One of the highlights of our day was visiting the natural rock maze that is Dimmuborgir or “dark cities/castles” — a sprawling field of lava rock formations and caves explored via a couple miles of twisting trails. There were giant arches, collapsed lava tunnels, haphazardly balanced rocks, natural lava towers, and even a large cavern called the Kirkjan or “church”. The only thing better than walking and photographing the lava field was relaxing over cake and coffee at the cafe overlooking Dimmuborgir on one side and Lake Mývatn on the other after the hike. If you’d like to try a local specialty called hverabrauð — a dark molasses bread baked in a geothermal hot spot — you can buy a loaf at the Dimmuborgir cafe.
After the lava field, we decided to pull over at a turn out overlooking the lake and some of the rock formations jutting out of the water. Fields of green grass and wildflowers led the way down to the shallow lake shore. Chris and I decided this would be a great place to test out our underwater camera for the first time.
The day was more than half over and we had barely made it to the southern tip of Lake Mývatn with two of the most beautiful sites yet to come. On Lake Mývatn’s south shore we finally came to the pseudocraters that Mývatn is famous for — these giant craters were formed by explosions during ancient eruptions from lava fissures under the lake. The large collection of pseudocraters at Skútustaðir on the south shore is a national monument, and well worth a stop.
There are trails and stairs around, up and into the Skútustaðir pseudocraters, which gracefully jut over the lake and summer fields of yellow flowers. Lake Mývatn is famous for it’s waterfowl and even has a museum dedicated to birds on the west shore. We were lucky enough to see several family groups of waterfowl swimming together amongst the pseudocraters.
After a short walk my parents left Chris and I to explore the craters to our heart’s content, while they had an afternoon nap and non-alcoholic beer (you can only buy alcoholic beverages in Iceland at special state-run liquor stores so grocery stores sell beer sans alcohol) on the RV kitchen table that transforms into a bed.
We were all getting tired at this point, so we made only one more stop on our way to Akureyri. What’s worth stopping for on a road trip when everyone is getting tired and just wants to get to the final destination? Ice cream of course! Ok, we actually stopped to see the awe-inspiring “Waterfall of the Gods” or Goðafoss — the Niagara Falls of Northern Iceland — but there was also ice cream at the little gas station store by the parking lot.
Goðafoss got its name from an Icelandic legend that says when the head of the pagan church and Icelandic’s ancient parliament made the decision to switch the country to Christianity in order to avoid bloodshed over the two religions, he threw the idols of the Norse gods into this waterfall on his journey home.
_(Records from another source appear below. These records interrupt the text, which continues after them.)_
Lemma width_le_powR (eps g : R) d k :
  0 < eps -> 0 < g -> (0 < d)%N -> k%:R <= d%:R `^ eps ->
  (2 * d + 18 * (k ^ 3 * (trunc_log 2 d.+1).+1))%:R <=
  (2 + 18 * (2 + 1 / (g * ln 2))) * d%:R `^ Num.max (4 * eps + 2 * g) 1.
Proof.
move=> eps_gt0 g_gt0 d_gt0 k_le; set D : R := d%:R; set M := Num.max _ _.
set c := 2 + 1 / (g * ln 2).
have D_ge1 : 1 <= D by rewrite ler1n.
have c_ge0 : 0 <= c by rewrite addr_ge0 // divr_ge0 // ltW // mulr_gt0 // ln_gt0 // ltr1n.
have D_le : D <= D `^ M.
  by rewrite -{1}(powRr1 (le_trans ler01 D_ge1)) ler_powR // le_max lexx orbT.
have k3_le : k%:R ^+ 3 <= D `^ (3 * eps).
  by rewrite mulrC powRrM powR_mulrn ?powR_ge0 // lerXn2r // ?nnegrE ?powR_ge0.
have pow_le : D `^ (3 * eps) * D `^ g <= D `^ M.
  rewrite -powRD; last by apply/implyP => _; rewrite gt_eqF // (lt_le_trans ltr01 D_ge1).
  by rewrite ler_powR // le_max; apply/orP; left; lra.
have X_le : (k ^ 3 * (trunc_log 2 d.+1).+1)%:R <= c * D `^ M.
  rewrite natrM natrX.
  rewrite (le_trans (ler_pM _ _ k3_le (trunc_log2_le_powR g_gt0 d_gt0))) ?exprn_ge0 //.
  by rewrite mulrCA ler_wpM2l.
move: X_le; set X := (k ^ 3 * _)%N => X_le.
have -> : (2 * d + 18 * X)%:R = 2 * D + 18 * X%:R :> R by rewrite natrD !natrM.
by rewrite [leRHS]mulrDl -(mulrA 18); lra.
Qed.

Lemma truncn_powR_gt0 (eps : R) d : 0 <= eps -> (0 < d)%N -> (0 < Num.truncn (d%:R `^ eps))%N.
Proof.
move=> eps_ge0 d_gt0; rewrite truncn_gt0; apply: (@le_trans _ _ (d%:R `^ 0)).
  by rewrite powRr0.
by rewrite ler_powR ?ler1n.
Qed.

End PowRBounds.
Lemma lfsr_stateS j : lfsr_state j.+1 = lfsr_state j *m T.
Proof.
apply/rowP => k; rewrite -(blk_idxK m_gt0 k); move: (idx_blk k) (idx_off k) => b o.
rewrite lfsr_stateE mxE (big_blk_idx m_gt0).
under eq_bigr => b' _ do under eq_bigr => o' _ do rewrite lfsr_stateE bcmxE /bcm_entry.
have [b_last|b_not_last] := eqVneq (val b) n.-1.
  rewrite addSnnS b_last prednK // lfsr_seq_rec summxE.
  by apply: eq_bigr => b' _; rewrite mxE.
have bS_lt : (b.+1 < n)%N.
  rewrite ltn_neqAle ltn_ord andbT; apply: contra b_not_last => /eqP bn.
  by rewrite -(congr1 predn bn).
rewrite (bigD1 (Ordinal bS_lt)) //= [X in _ + X]big1 ?addr0; last first.
  move=> b' b'_neq; apply: big1 => o' _.
  suff /negbTE -> : val b' != b.+1 by rewrite mulr0.
  by apply: contra b'_neq => /eqP eq_b'; apply/eqP/val_inj.
rewrite eqxx (bigD1 o) //= eqxx mulr1 big1 ?addr0 ?addnS //.
by move=> o' /negbTE ->; rewrite mulr0.
Qed.

Lemma lfsr_state_expr j : lfsr_state j = lfsr_state 0 *m T ^+ j.
Proof.
elim: j => [|j IHj]; first by rewrite expr0 mulmx1.
by rewrite lfsr_stateS IHj exprSr -mulmxE mulmxA.
Qed.

Lemma lfsr_seq_periodicE r :
  (forall j, s (j + r)%N = s j) <-> lfsr_state 0 *m T ^+ r = lfsr_state 0.
Proof.
split=> [per|Tr j].
  rewrite -lfsr_state_expr; apply/rowP => k; rewrite -(blk_idxK m_gt0 k).
  by rewrite !lfsr_stateE addnC per.
have st_per : lfsr_state (j + r)%N = lfsr_state j.
  rewrite (lfsr_state_expr (j + r)%N) (lfsr_state_expr j).
  by rewrite addnC exprD -mulmxE mulmxA Tr.
apply/rowP => o; move/rowP: st_per => /(_ (blk_idx (Ordinal n_gt0) o)).
by rewrite !lfsr_stateE !addn0.
Qed.

Lemma lfsr_seq_period r :
  seq_period s r <-> seq_period (fun j => lfsr_state 0 *m T ^+ j) r.
Proof.
by apply: seq_period_eq => r'; rewrite lfsr_seq_periodicE orbit_periodicE.
Qed.

Lemma lfsr_state0_neq0 : (exists i, init i != 0) -> lfsr_state 0 != 0.
Proof.
case=> i; apply: contra => /eqP state0; apply/eqP/rowP => o.
by rewrite -lfsr_seq_init -[i : nat]add0n -lfsr_stateE state0 !mxE.
Qed.

End Sequence.

Definition lfsr_init_of (v : 'rV[F]_(n * m)) (b : 'I_n) : 'rV[F]_m :=
  \row_o v 0 (blk_idx b o).

Lemma lfsr_state_init_of v : lfsr_state (lfsr_init_of v) 0 = v.
Proof.
apply/rowP => k; rewrite -(blk_idxK m_gt0 k).
by rewrite lfsr_stateE add0n lfsr_seq_init mxE.
Qed.

Lemma lfsr_init_of_neq0 v : v != 0 -> exists i, lfsr_init_of v i != 0.
Proof.
move=> v_neq0; apply/existsP; apply: contraNT v_neq0 => /existsPn init0.
apply/eqP/rowP => k; rewrite -(blk_idxK m_gt0 k) mxE.
by have /eqP/rowP/(_ (idx_off k)) := negbNE (init0 (idx_blk k)); rewrite !mxE.
Qed.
I personally think it must also be called the “Waterfall of the Gods” because it’s one of the most beautiful waterfalls in Iceland.
Ice cream and rainbows in the fine mist of Goðafoss’s turbulent waters made for the perfect end to day five of our trip around the Ring Road. It wasn’t long after Goðafoss that we reached our campground outside of Akureyri and settled down in a grassy glen on the slope of the peaks surrounding the fjord. It was a bittersweet end to an amazing day — bittersweet because we knew that day six would be our last day RV’ing around Iceland.